The Saudis can afford to be stingy because they have other means of demonstrating their importance to the United States. One has been their backing of a broad range of covert US activities, including paying for arms for the Afghan mujahedeen and the Nicaraguan contras, and quietly supplying oil to South Africa during the apartheid period. Said Aburish, a Saudi dissident exile, has detailed lesser-known examples in his book The House of Saud. They range from a $50 million payment to Mobutu Sese Seko, the former dictator of Zaire, for his support of anti-Communist rebels in Angola, to Filipino Muslim rebels who were “kept in Jeddah hotel suites and afforded a lifestyle which made them forget the reason for their being there.”
Riyadh has also purchased American weapons for nonmilitary reasons, a tactic that proved especially effective after the Gulf War, when US arms exporters went into a tailspin. Saudi Arabia has frequently bought weapons it doesn’t need, and in some cases–such as the M-1 tank–the orders were big enough to keep entire production lines running. “Their purchases have less to do with self-defense than with building political support for themselves,” says Gregory Gause, author of Oil Monarchies: Domestic and Security Challenges in the Arab Gulf States. “It wins them favor with the Pentagon and industry, and with politicians who support them.”
The Saudis have won friends in high places by using their enormous oil reserves as a tool of US foreign policy. During the cold war the kingdom routinely increased production so as to keep the international market price of oil low, which hurt the Soviet Union, a major energy exporter. Energy-industry and Middle East experts say the Saudis continue to regulate the cost of oil, to America’s benefit. “They make sure the price doesn’t fall so low that it ruins Texas, but also that it doesn’t get so high that it damages the manufacturing states,” according to Robert Vitalis of the University of Pennsylvania.
Given the kingdom’s importance, Republican and Democratic Presidents have been careful to please the Saudis. In 1994 the Clinton Administration apologized to Riyadh after a State Department official had the audacity to state at a press conference that the United States had “serious concerns about human rights” in Saudi Arabia. At roughly the same time, according to a recent story in the New York Times, a group of US intelligence officials sought to undertake a study on internal stability in the kingdom. White House officials, knowing that the findings would likely be negative and fearful that they would leak, blocked the effort.

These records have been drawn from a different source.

(* Let $\lambda\in\Lambda$ with associated $T_\lambda$. Let $T_2\ge e^{900}(1+T_\lambda)$ be such that $t^{2/3}\lambda(t)<\frac{t}{100}$ for all $t\ge T_2$, and let $T_0\ge T_2$. Define, for $t\ge T_0$ and $r>0$, $$w_1(t,r)=\frac{-2}{r}\big(\lambda(t+r)-\lambda(t)-r\lambda'(t+r)\big)+\frac{2}{r}\int_{t+r}^{\infty}\lambda''(s)\Big((s-t)-\sqrt{(s-t)^2-r^2}\Big)ds.$$ Then there is $C>0$, independent of $T_0$, such that for all $0\le k\le 8$, $0\le j\le 3$, $t\ge T_0$, $r>0$: $$|\partial_t^k\partial_r^j w_1(t,r)|\le\begin{cases}\dfrac{C r^{1-j}\lambda(t)(\log(t)+|\log(r)|)}{t^{2+k}}, & r\le t,\\[2mm] \dfrac{C}{r^{1+j}t^k}\sup_{x\in[t,t+r]}\lambda(x), & r\ge t.\end{cases}$$
   Context: $\Lambda$ is the set of positive $\lambda\in C^\infty((50,\infty))$ for which there exist $T_\lambda>100$, constants $C_l,C_u,C_2\ge0$ and $C_k\ge0$ ($k\ge3$) such that for all $t\ge T_\lambda$: $-\frac{C_l}{t}\le\frac{\lambda'(t)}{\lambda(t)}\le\frac{C_u}{t}$ and $\frac{|\lambda^{(k)}(t)|}{\lambda(t)}\le\frac{C_k}{t^k}$ for $k\ge2$; and, with $M=\max\{C_l,C_u\}$: (i) $0\le C_u<\frac1{30}-\frac{C_l}{5}$; (ii) $\sqrt{C_\rho}\cdot\frac{179}{267}\Big(M(1+2\|\mathcal K\|_{\mathcal L(L^2_\rho)})+M^2\big(\frac14+2\|[\xi\partial_\xi,\mathcal K]\|_{\mathcal L(L^2_\rho)}+\|\mathcal K\|^2_{\mathcal L(L^2_\rho)}\big)+C_2\big(\frac12+\|\mathcal K\|_{\mathcal L(L^2_\rho)}\big)+4\big(M^2+\frac{C_2}{3}(3+2\pi^2)\big)\Big)<\frac13$; (iii) $M<\frac{1}{3\sqrt{C_\rho}}\cdot\frac{1513}{1044}\cdot\frac{1}{1+2\|\mathcal K\|_{\mathcal L(L^{2,1/2}_\rho)}}$. Here $\mathcal K$ is the Krieger–Schlag–Tataru transference operator (defined by $\mathcal{F}(R\partial_Ru)=-2\xi\partial_\xi\mathcal F u+\mathcal K\mathcal F u$) for the distorted Fourier transform $\mathcal F$ associated with $-\partial_R^2+\frac{3}{4R^2}-\frac{8}{(1+R^2)^2}$ on $L^2((0,\infty),dR)$, whose spectral density is $\rho$; $L^{2,\alpha}_\rho$ has norm $\|f\langle\xi\rangle^\alpha\sqrt\rho\|_{L^2(d\xi)}$, $L^2_\rho=L^{2,0}_\rho$; and $C_\rho>0$ is a fixed constant with $\rho(y)/\rho(z)\le C_\rho(y/z+z/y)$ for all $y,z>0$. *)

From Stdlib Require Import Reals Lra.
From Coquelicot Require Import Coquelicot.
Open Scope R_scope.

(* The class Lambda.  The operator norms ||K||_{L(L^2_rho)} (nK),
   ||K||_{L(L^{2,1/2}_rho)} (nKh), ||[xi d_xi, K]||_{L(L^2_rho)} (nC) and the
   constant C_rho (Crho) are passed as real parameters. *)
Definition in_Lambda (nK nKh nC Crho : R) (lam : R -> R) (Tl : R) : Prop :=
  (forall x, 50 < x -> 0 < lam x) /\
  (forall (k : nat) x, 50 < x -> ex_derive_n lam k x) /\
  100 < Tl /\
  exists (Cl Cu C2 : R) (Ck : nat -> R),
    0 <= Cl /\ 0 <= Cu /\ 0 <= C2 /\ (forall k, (3 <= k)%nat -> 0 <= Ck k) /\
    (forall t, Tl <= t ->
        - Cl / t <= Derive lam t / lam t /\ Derive lam t / lam t <= Cu / t) /\
    (forall t, Tl <= t -> Rabs (Derive_n lam 2 t) / lam t <= C2 / t ^ 2) /\
    (forall (k : nat) t, (3 <= k)%nat -> Tl <= t ->
        Rabs (Derive_n lam k t) / lam t <= Ck k / t ^ k) /\
    (let M := Rmax Cl Cu in
     Cu < 1/30 - Cl/5 /\
     sqrt Crho * (179/267) *
       (M * (1 + 2 * nK)
        + M ^ 2 * (1/4 + 2 * nC + nK ^ 2)
        + C2 * (1/2 + nK)
        + 4 * (M ^ 2 + C2 / 3 * (3 + 2 * PI ^ 2))) < 1/3 /\
     M < 1 / (3 * sqrt Crho) * (1513/1044) * (1 / (1 + 2 * nKh))).

Definition w1 (lam : R -> R) (t r : R) : R :=
  (-2) / r * (lam (t + r) - lam t - r * Derive lam (t + r))
  + 2 / r * RInt_gen
      (fun s => Derive_n lam 2 s * ((s - t) - sqrt ((s - t) ^ 2 - r ^ 2)))
      (at_point (t + r)) (Rbar_locally p_infty).

Definition dw1 (lam : R -> R) (k j : nat) (t r : R) : R :=
  Derive_n (fun t' => Derive_n (fun r' => w1 lam t' r') j r) k t.

Definition sup_on (lam : R -> R) (a b : R) : R :=
  real (Lub_Rbar (fun y => exists x, a <= x <= b /\ y = lam x)).

From Stdlib Require Import Reals Lra Lia.
From Coquelicot Require Import Coquelicot.
Open Scope R_scope.

(* The substitution s = t + r v writes
     w_1(t, r) = -2 u(t, r) / r + 2 r ∫_1^∞ λ''(t + r v) g(v) dv,
     u(t, r) = λ(t + r) - λ(t) - r λ'(t + r),   g(v) = v - √(v² - 1) ≤ 1 / v.
   Differentiating in t raises the order of every derivative of λ by one, while
   ∂_r u = - r λ''(t + r) and ∂_r of the moment ∫_1^∞ λ^(m)(t + r v) v^p g(v) dv is the moment
   with (m + 1, p + 1).  Hence ∂_t^k ∂_r^j w_1 is an explicit combination of λ^(k+i)(t + r),
   u and such moments.  The bounds |λ^(n)(x)| ≤ B λ(x) / x^n and the monotonicity of λ(x) / x
   dominate every moment integrand by a multiple of 1 / ((a + b v) v), whose integral over
   [1, ∞) is ln((a + b) / b) / a.  This justifies differentiating under the integral sign and
   bounds the moments through ln((t + r) / r), which is at most 2 (ln t + |ln r|) when r ≤ t
   and at most t / r when t ≤ r. *)

(** * Improper integrals over [1, +oo) with an integrable majorant *)

Definition int_1_oo (f : R -> R) : R := RInt_gen f (at_point 1) (Rbar_locally p_infty).

Lemma is_lim_p_infty_ball (f : R -> R) (l eps : R) :
  is_lim f p_infty l -> 0 < eps -> exists M, forall w, M < w -> Rabs (f w - l) < eps.
Proof.
  intros Hf Heps.
  destruct (Hf (fun y => Rabs (y - l) < eps)) as [M HM].
  - exists (mkposreal eps Heps). intros y Hy. exact Hy.
  - exists M. exact HM.
Qed.

Lemma is_RInt_gen_of_is_lim (f : R -> R) (a l : R) :
  (forall w, a <= w -> ex_RInt f a w) ->
  is_lim (fun w => RInt f a w) p_infty l ->
  is_RInt_gen f (at_point a) (Rbar_locally p_infty) l.
Proof.
  intros Hex Hl P HP.
  destruct (Hl P HP) as [M HM].
  apply Filter_prod with (Q := fun x => x = a) (R := fun w => Rmax a M < w).
  - reflexivity.
  - exists (Rmax a M). auto.
  - intros x w -> Hw. exists (RInt f a w). split.
    + apply (@RInt_correct R_CompleteNormedModule), Hex. pose proof (Rmax_l a M). lra.
    + apply HM. pose proof (Rmax_r a M). lra.
Qed.

Lemma taylor_remainder_le (f f1 f2 : R -> R) (x0 e M : R) :
  (forall x, Rabs (x - x0) <= Rabs e ->
     is_derive f x (f1 x) /\ is_derive f1 x (f2 x) /\ Rabs (f2 x) <= M) ->
  Rabs (f (x0 + e) - f x0 - e * f1 x0) <= e * e * M.
Proof.
  intros Hf.
  assert (HM : 0 <= M).
  { assert (Hx0 : Rabs (x0 - x0) <= Rabs e) by (rewrite Rminus_diag, Rabs_R0; apply Rabs_pos).
    pose proof (proj2 (proj2 (Hf x0 Hx0))). pose proof (Rabs_pos (f2 x0)). lra. }
  assert (Hf1 : forall y, Rabs (y - x0) <= Rabs e -> Rabs (f1 y - f1 x0) <= Rabs e * M).
  { intros y Hy.
    destruct (MVT_cor4 f1 f2 x0 (Rabs e)) with (b := y) as [c [Hc Hcx]]; auto.
    - intros c Hc. apply Hf. exact Hc.
    - rewrite Hc, Rabs_mult, Rmult_comm.
      apply Rmult_le_compat; try apply Rabs_pos; [lra|apply Hf; lra]. }
  destruct (MVT_cor4 (fun y => f y - y * f1 x0) (fun y => f1 y - f1 x0) x0 (Rabs e))
    with (b := x0 + e) as [c [Hc Hcx]].
  - intros c Hc. apply (is_derive_minus f (fun y => y * f1 x0)); [apply Hf; exact Hc|].
    auto_derive; auto; ring.
  - replace (x0 + e - x0) with e by ring. lra.
  - replace (x0 + e - x0) with e in * by ring.
    replace (f (x0 + e) - f x0 - e * f1 x0)
      with (f (x0 + e) - (x0 + e) * f1 x0 - (f x0 - x0 * f1 x0)) by ring.
    rewrite Hc, Rabs_mult.
    replace (e * e * M) with (Rabs e * M * Rabs e)
      by (rewrite <- (Rabs_right (e * e)), Rabs_mult by nra; ring).
    apply Rmult_le_compat_r; [apply Rabs_pos|]. apply Hf1. exact Hcx.
Qed.

Section DominatedIntegral.

Variables (g G : R -> R) (lG : R).
Hypothesis G_derive : forall v, 1 <= v -> is_derive G v (g v).
Hypothesis g_cont : forall v, 1 <= v -> continuous g v.
Hypothesis G_lim : is_lim G p_infty lG.

Section Dominated.

Variables (h : R -> R) (K : R).
Hypothesis h_cont : forall v, 1 <= v -> continuous h v.
Hypothesis h_dominated : forall v, 1 <= v -> Rabs (h v) <= K * g v.

Lemma ex_RInt_dominated u w : 1 <= u -> u <= w -> ex_RInt h u w.
Proof.
  intros Hu Huw. apply (@ex_RInt_continuous R_CompleteNormedModule).
  intros z Hz. rewrite Rmin_left in Hz by lra. apply h_cont. lra.
Qed.

Lemma abs_RInt_dominated u w : 1 <= u -> u <= w -> Rabs (RInt h u w) <= K * (G w - G u).
Proof.
  intros Hu Huw.
  assert (HKg : is_RInt (fun v => K * g v) u w (K * (G w - G u))).
  { replace (K * (G w - G u)) with (minus ((fun v => K * G v) w) ((fun v => K * G v) u))
      by (unfold minus, plus, opp; simpl; ring).
    apply (is_RInt_derive (fun v => K * G v)).
    - intros x Hx. rewrite Rmin_left, Rmax_right in Hx by lra.
      apply is_derive_scal, G_derive. lra.
    - intros x Hx. rewrite Rmin_left, Rmax_right in Hx by lra.
      apply (@continuous_scal_r _ R_AbsRing R_NormedModule), g_cont. lra. }
  eapply Rle_trans; [apply abs_RInt_le; auto; apply ex_RInt_dominated; lra|].
  rewrite <- (is_RInt_unique _ _ _ _ HKg).
  apply RInt_le; auto.
  - apply (@ex_RInt_continuous R_CompleteNormedModule).
    intros z Hz. rewrite Rmin_left, Rmax_right in Hz by lra.
    apply (continuous_comp h Rabs); [apply h_cont; lra | apply continuous_Rabs].
  - eexists; exact HKg.
  - intros x Hx. apply h_dominated. lra.
Qed.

To win favor on Capitol Hill, where the Saudis have solid if less undisputed support, the kingdom dispenses what one former senior Congressional aide calls “largesse that is renowned” in Washington political circles. He recalls that the Saudis frequently sponsor “study trips” for staffers, usually at US resorts or pleasant overseas destinations like the Bahamas, and also throw lavish dinners at their embassy and local restaurants for government officials and revolving-door alumni. Such affairs are invariably hosted by the Saudis’ popular ambassador, Prince Bandar, and attendees–at least those not in government and therefore not legally barred from accepting gifts–are given expensive mementos like gold coins, earrings and silk scarves. As this source explains, “The Saudi embassy closely tracks important people in town. They know who’s in government, who’s out and who’s waiting to get back in. They handle things exactly as Machiavelli would have recommended.”

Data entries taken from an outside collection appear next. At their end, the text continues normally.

(* Elements of B are A-module endomorphisms b of G^{+n}; the product in B is
   b1 *_B b2 = b2 \o b1 (opposite of composition); 1_B = id. *)
Definition is_End (A : lmodType CC) (G : lmodType CC) (act : A -> G -> G)
    (n : nat) (b : {ffun 'I_n -> G} -> {ffun 'I_n -> G}) : Prop :=
  is_modmap (dsum_act act (n:=n)) (dsum_act act (n:=n)) b.

Definition is_Bmodule (A : lmodType CC) (G : lmodType CC) (act : A -> G -> G)
    (n : nat) (V : lmodType CC)
    (bact : ({ffun 'I_n -> G} -> {ffun 'I_n -> G}) -> V -> V) : Prop :=
  [/\ forall b, is_End act b ->
        forall (k : CC) v w, bact b (k *: v + w) = k *: bact b v + bact b w,
      forall b1 b2, is_End act b1 -> is_End act b2 -> forall (k : CC) v,
        bact (fun x => k *: b1 x + b2 x) v = k *: bact b1 v + bact b2 v,
      (* (b1 *_B b2) . v = b1 . (b2 . v), with b1 *_B b2 = b2 \o b1 *)
      forall b1 b2, is_End act b1 -> is_End act b2 -> forall v,
        bact (fun x => b2 (b1 x)) v = bact b1 (bact b2 v) &
      forall v, bact id v = v].

Definition Bsubmodule (A : lmodType CC) (G : lmodType CC) (act : A -> G -> G)
    (n : nat) (V : lmodType CC)
    (bact : ({ffun 'I_n -> G} -> {ffun 'I_n -> G}) -> V -> V)
    (S : V -> Prop) : Prop :=
  [/\ S 0, forall (k : CC) v w, S v -> S w -> S (k *: v + w) &
      forall b v, is_End act b -> S v -> S (bact b v)].

Definition Birreducible (A : lmodType CC) (G : lmodType CC) (act : A -> G -> G)
    (n : nat) (V : lmodType CC)
    (bact : ({ffun 'I_n -> G} -> {ffun 'I_n -> G}) -> V -> V) : Prop :=
  (exists v : V, v <> 0) /\
  forall S : V -> Prop, Bsubmodule act bact S ->
    (exists v, S v /\ v <> 0) -> forall v, S v.

(* the left ideal B p = { b *_B p } = { p \o b : b in B } *)
Definition in_Bp (A : lmodType CC) (G : lmodType CC) (act : A -> G -> G)
    (n : nat) (p x : {ffun 'I_n -> G} -> {ffun 'I_n -> G}) : Prop :=
  exists b, is_End act b /\ forall y, x y = p (b y).

(* V is a quotient of the left B-module Bp: there is a surjective
   B-module homomorphism phi : Bp -> V (action of b on x in Bp is
   b *_B x = x \o b). *)
Definition Bquotient_of_Bp (A : lmodType CC) (G : lmodType CC)
    (act : A -> G -> G) (n : nat) (p : {ffun 'I_n -> G} -> {ffun 'I_n -> G})
    (V : lmodType CC)
    (bact : ({ffun 'I_n -> G} -> {ffun 'I_n -> G}) -> V -> V) : Prop :=
  exists phi : ({ffun 'I_n -> G} -> {ffun 'I_n -> G}) -> V,
    [/\ forall x y (k : CC), in_Bp act p x -> in_Bp act p y ->
          phi (fun z => k *: x z + y z) = k *: phi x + phi y,
        forall x b, in_Bp act p x -> is_End act b ->
          phi (fun z => x (b z)) = bact b (phi x) &
        forall v, exists x, in_Bp act p x /\ phi x = v].

Definition generating_idempotent (A : lmodType CC) (G : lmodType CC)
    (act : A -> G -> G) (n : nat)
    (p : {ffun 'I_n -> G} -> {ffun 'I_n -> G}) : Prop :=
  [/\ is_End act p, forall x, p (p x) = p x &
      forall (V : lmodType CC)
             (bact : ({ffun 'I_n -> G} -> {ffun 'I_n -> G}) -> V -> V),
        is_Bmodule act bact -> Birreducible act bact ->
        Bquotient_of_Bp act p bact].

End Defs.
Arguments dsum_act {A G} act n.

From HB Require Import structures.
From mathcomp Require Import all_boot all_algebra.
From mathcomp Require Import Rstruct complex.
From mathcomp Require Import boolp classical_sets functions.
Set Implicit Arguments. Unset Strict Implicit. Unset Printing Implicit Defensive.
Import GRing.Theory.
Local Open Scope ring_scope.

The Saudis also discreetly work Washington with the help of a few trusted “gatekeeper” organizations, a term used by Gwenn Okruhlik of the University of Arkansas in a 1997 article in Middle East Report. Among the key gatekeepers–DC think tanks, consultants and nonprofit foundations that the Saudis rely on as intermediaries–is the National Council on US-Arab Relations. NCUSAR puts out a variety of publications and sends Congressional delegations, military officials and academics to Saudi Arabia and other parts of the Middle East. The council did not respond to requests for information about its funding, but its website describes NCUSAR’s supporters as “primarily individuals and institutions in the United States and the Arab world.” The council also sponsors a Corporate Cooperation Committee, which seeks to “inform American leaders and the public…about the shared interests and common concerns” of the United States and the six members of the Gulf Cooperation Council: Saudi Arabia, Bahrain, Qatar, Oman, Kuwait and the United Arab Emirates. The group is chaired by Boeing, and the vice chairs are Lockheed Martin and Parsons Corporation, the latter a construction and engineering firm for the oil and gas industries.
When the Saudis need help on a particular matter in Washington, the kingdom’s US allies normally man the frontlines. Following the Gulf War, arms makers established an ad hoc organization called the Middle East Working Group to lobby for weapons deals to the Saudis. It retained as consultants a number of national security veterans including Dov Zakheim, a former Deputy Under Secretary of Defense under Reagan and the new Pentagon comptroller; Sandra Charles, who served on the National Security Council as director of Middle East affairs during the Bush Sr. years; and retired Lieut. Gen. Howard Fish, who once headed the Pentagon agency that handles foreign weapons sales.
Business support for the Saudis has extended into other areas as well. In 1998 corporations, mustered in a vehicle called USA*ENGAGE, mobilized to gut a bill that would have imposed sanctions on countries that persecute religious minorities. The bill was ultimately passed, but only after a preamble was struck that had called for an immediate investigation of Saudi Arabia and several other countries that were deemed guilty of widespread religious persecution. The bill also gave the President the right to waive sanctions if he determined that it was in the national interest. “Earlier versions of the bill were more extreme and lacked the loopholes that were included in the new version to minimize diplomatic tensions,” said a relieved account in The Oil Daily.
Another impressive display of Saudi influence came in 1996, after Congress acted to assist two US citizens, Scott Nelson and James Smrkovski, who had been unable to recover damages from the kingdom after being tortured there. Despite strong opposition from the White House and weapons makers, both the House and the Senate passed measures that would have allowed an exemption to the Foreign Sovereign Immunities Act, which prohibits most lawsuits in US courts against foreign governments in cases where those governments commit acts of state violence against US citizens. Leonard Garment, a former aide to Richard Nixon and the chief lawyer for Nelson and Smrkovski, says that with the bill headed for a House-Senate conference, the legal team “drank a bottle of cheap champagne to celebrate.” The commemoration turned out to be premature. “At 3 am, the measure was stripped from the bill,” Garment recalls. “The State Department told [conference negotiators] that Clinton would veto the whole thing if it wasn’t taken out.” The White House did later sign a bill modifying the FSIA, but it only allows citizens to sue foreign states placed on the State Department’s annual list of countries that support terrorism–a highly unlikely step in the case of Saudi Arabia.
Riyadh’s PR problems in the wake of September 11 will probably mean at least a temporary intensification of Saudi-bashing in Washington. A few critics even say that Saudi Arabia’s strategic importance is highly overblown. Ted Galen Carpenter, vice president for defense and foreign policy at the Cato Institute, estimates that the United States imports $11 billion a year in oil from the Persian Gulf but spends at least $40 billion annually to defend the region. “It’s nice to have a friendly regime in Saudi Arabia, but it’s not essential to our security and well-being,” he says. “They have only one product, so they’re not going to pull it off the market. And if they do, there are other places to buy it.”
Still, that’s unlikely to become a majority view in Washington anytime soon. The kingdom has too many American friends to allow any sustained political attack on the Washington-Riyadh alliance.